··· Data supplied ···

Lemma coords_mul_eq1 (U1 V1 U2 V2 : {poly F}) : V1 != 0 -> V2 != 0 ->
  (size U1 <= size V1)%N -> (size U2 <= size V2)%N ->
  U1 * V2 + U2 * V1 + a * (V1 * V2) = a -> V1 * V2 = 1.
Proof.
move=> V1_neq0 V2_neq0 sU1 sU2 eqV; apply/eqP; apply: contraT => VV_neq1.
have : (V1 * V2 - 1) * a = - (U1 * V2 + U2 * V1).
  apply/eqP; rewrite -subr_eq0 opprK; apply/eqP.
  by transitivity (U1 * V2 + U2 * V1 + a * (V1 * V2) - a); [ring | rewrite eqV subrr].
move/(congr1 (fun p : {poly F} => size p)) => /=.
rewrite size_polyN mulrC size_monicM ?subr_eq0 // size_a addSn /=.
have size_UV : (size (U1 * V2 + U2 * V1)%R <= size (V1 * V2)%R)%N.
  rewrite size_mul //; apply: leq_trans (size_polyD _ _) _.
  rewrite geq_max !(leq_trans (size_polyMleq _ _)) // -!subn1 leq_sub2r //.
    by rewrite addnC; apply: leq_add.
  by apply: leq_add.
have size_VV : (size (V1 * V2)%R <= size (V1 * V2 - 1)%R)%N.
  rewrite -{1}(subrK 1 (V1 * V2)); apply: leq_trans (size_polyD _ _) _.
  by rewrite geq_max leqnn size_poly1 size_poly_gt0 subr_eq0.
move=> eq_size; have := leq_trans size_UV size_VV; rewrite -eq_size.
by rewrite -{2}[size _]add0n leq_add2r leqn0 => /eqP d0; move: d_gt0; rewrite d0.
Qed.

Lemma f_neq0 : f != 0.
Proof.
apply: contra_neq b_neq0 => f0; move: f_sq.
by rewrite f0 expr0n mulr0 add0r => /esym/eqP; rewrite fmorph_eq0 => /eqP.
Qed.

(* For m < d, fT_span m contains a_m (frak_a_fT_span); the point is that the
   representation x = fT_comb p is unique (fT_comb_eq_ev). *)
Definition fT_comb (p : nat -> {poly F}) : L :=
  \sum_(k < d) f * evf (p k) * T ^+ k.

Definition fT_span (m : nat) (x : L) : Prop :=
  exists2 p, x = fT_comb p & forall k, (m < k < d)%N -> (p k)`_0 = 0.

Lemma fT_comb_delta k q : (k < d)%N ->
  fT_comb (fun l => if l == k then q else 0) = f * evf q * T ^+ k.
Proof.
move=> kd; rewrite /fT_comb (bigD1 (Ordinal kd)) //= eqxx big1 ?addr0 // => l.
by rewrite -val_eqE /= => /negbTE->; rewrite rmorph0 mulr0 mul0r.
Qed.

Lemma fT_span_mono m m' x : (m <= m')%N -> fT_span m x -> fT_span m' x.
Proof. by move=> mm' [p -> p0]; exists p => // k kd; apply: p0; lia. Qed.

Lemma fT_span0 m : fT_span m 0.
Proof.
exists (fun=> 0) => // [|k _]; last by rewrite coef0.
by rewrite /fT_comb big1 // => k _; rewrite rmorph0 mulr0 mul0r.
Qed.

Lemma fT_spanD m x y : fT_span m x -> fT_span m y -> fT_span m (x + y).
Proof.
move=> [p -> p0] [q -> q0]; exists (fun k => p k + q k) => [|k km].
  by rewrite /fT_comb -big_split; apply: eq_bigr => k _; rewrite rmorphD /=; ring.
by rewrite coefD p0 ?q0 ?addr0.
Qed.

Lemma fT_span_sum m n (G : 'I_n -> L) :
  (forall i, fT_span m (G i)) -> fT_span m (\sum_i G i).
Proof. by move=> SG; apply: big_ind => //; [apply: fT_span0 | apply: fT_spanD]. Qed.

Lemma fT_span_evfM m (r : {poly F}) x : fT_span m x -> fT_span m (evf r * x).
Proof.
move=> [p -> p0]; exists (fun k => r * p k) => [|k km]; last by rewrite coef0M p0 ?mulr0.
by rewrite /fT_comb mulr_sumr; apply: eq_bigr => k _; rewrite rmorphM /=; ring.
Qed.

Lemma fT_span_evfM0 (r : {poly F}) p : r`_0 = 0 -> fT_span 0 (evf r * fT_comb p).
Proof.
move=> r0; exists (fun k => r * p k) => [|k _]; last by rewrite coef0M r0 mul0r.
by rewrite /fT_comb mulr_sumr; apply: eq_bigr => k _; rewrite rmorphM /=; ring.
Qed.

Lemma fT_spanN m x : fT_span m x -> fT_span m (- x).
Proof. by move=> /(fT_span_evfM (-1)); rewrite rmorphN1 mulN1r. Qed.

···

What is needed is an exact transcription of all the data.

Lemma coords_mul_eq1 (U1 V1 U2 V2 : {poly F}) : V1 != 0 -> V2 != 0 ->
  (size U1 <= size V1)%N -> (size U2 <= size V2)%N ->
  U1 * V2 + U2 * V1 + a * (V1 * V2) = a -> V1 * V2 = 1.
Proof.
move=> V1_neq0 V2_neq0 sU1 sU2 eqV; apply/eqP; apply: contraT => VV_neq1.
have : (V1 * V2 - 1) * a = - (U1 * V2 + U2 * V1).
  apply/eqP; rewrite -subr_eq0 opprK; apply/eqP.
  by transitivity (U1 * V2 + U2 * V1 + a * (V1 * V2) - a); [ring | rewrite eqV subrr].
move/(congr1 (fun p : {poly F} => size p)) => /=.
rewrite size_polyN mulrC size_monicM ?subr_eq0 // size_a addSn /=.
have size_UV : (size (U1 * V2 + U2 * V1)%R <= size (V1 * V2)%R)%N.
  rewrite size_mul //; apply: leq_trans (size_polyD _ _) _.
  rewrite geq_max !(leq_trans (size_polyMleq _ _)) // -!subn1 leq_sub2r //.
    by rewrite addnC; apply: leq_add.
  by apply: leq_add.
have size_VV : (size (V1 * V2)%R <= size (V1 * V2 - 1)%R)%N.
  rewrite -{1}(subrK 1 (V1 * V2)); apply: leq_trans (size_polyD _ _) _.
  by rewrite geq_max leqnn size_poly1 size_poly_gt0 subr_eq0.
move=> eq_size; have := leq_trans size_UV size_VV; rewrite -eq_size.
by rewrite -{2}[size _]add0n leq_add2r leqn0 => /eqP d0; move: d_gt0; rewrite d0.
Qed.

Lemma f_neq0 : f != 0.
Proof.
apply: contra_neq b_neq0 => f0; move: f_sq.
by rewrite f0 expr0n mulr0 add0r => /esym/eqP; rewrite fmorph_eq0 => /eqP.
Qed.

(* For m < d, fT_span m contains a_m (frak_a_fT_span); the point is that the
   representation x = fT_comb p is unique (fT_comb_eq_ev). *)
Definition fT_comb (p : nat -> {poly F}) : L :=
  \sum_(k < d) f * evf (p k) * T ^+ k.

Definition fT_span (m : nat) (x : L) : Prop :=
  exists2 p, x = fT_comb p & forall k, (m < k < d)%N -> (p k)`_0 = 0.

Lemma fT_comb_delta k q : (k < d)%N ->
  fT_comb (fun l => if l == k then q else 0) = f * evf q * T ^+ k.
Proof.
move=> kd; rewrite /fT_comb (bigD1 (Ordinal kd)) //= eqxx big1 ?addr0 // => l.
by rewrite -val_eqE /= => /negbTE->; rewrite rmorph0 mulr0 mul0r.
Qed.

Lemma fT_span_mono m m' x : (m <= m')%N -> fT_span m x -> fT_span m' x.
Proof. by move=> mm' [p -> p0]; exists p => // k kd; apply: p0; lia. Qed.

Lemma fT_span0 m : fT_span m 0.
Proof.
exists (fun=> 0) => // [|k _]; last by rewrite coef0.
by rewrite /fT_comb big1 // => k _; rewrite rmorph0 mulr0 mul0r.
Qed.

Lemma fT_spanD m x y : fT_span m x -> fT_span m y -> fT_span m (x + y).
Proof.
move=> [p -> p0] [q -> q0]; exists (fun k => p k + q k) => [|k km].
  by rewrite /fT_comb -big_split; apply: eq_bigr => k _; rewrite rmorphD /=; ring.
by rewrite coefD p0 ?q0 ?addr0.
Qed.

Lemma fT_span_sum m n (G : 'I_n -> L) :
  (forall i, fT_span m (G i)) -> fT_span m (\sum_i G i).
Proof. by move=> SG; apply: big_ind => //; [apply: fT_span0 | apply: fT_spanD]. Qed.

Lemma fT_span_evfM m (r : {poly F}) x : fT_span m x -> fT_span m (evf r * x).
Proof.
move=> [p -> p0]; exists (fun k => r * p k) => [|k km]; last by rewrite coef0M p0 ?mulr0.
by rewrite /fT_comb mulr_sumr; apply: eq_bigr => k _; rewrite rmorphM /=; ring.
Qed.

Lemma fT_span_evfM0 (r : {poly F}) p : r`_0 = 0 -> fT_span 0 (evf r * fT_comb p).
Proof.
move=> r0; exists (fun k => r * p k) => [|k _]; last by rewrite coef0M r0 mul0r.
by rewrite /fT_comb mulr_sumr; apply: eq_bigr => k _; rewrite rmorphM /=; ring.
Qed.

Lemma fT_spanN m x : fT_span m x -> fT_span m (- x).
Proof. by move=> /(fT_span_evfM (-1)); rewrite rmorphN1 mulN1r. Qed.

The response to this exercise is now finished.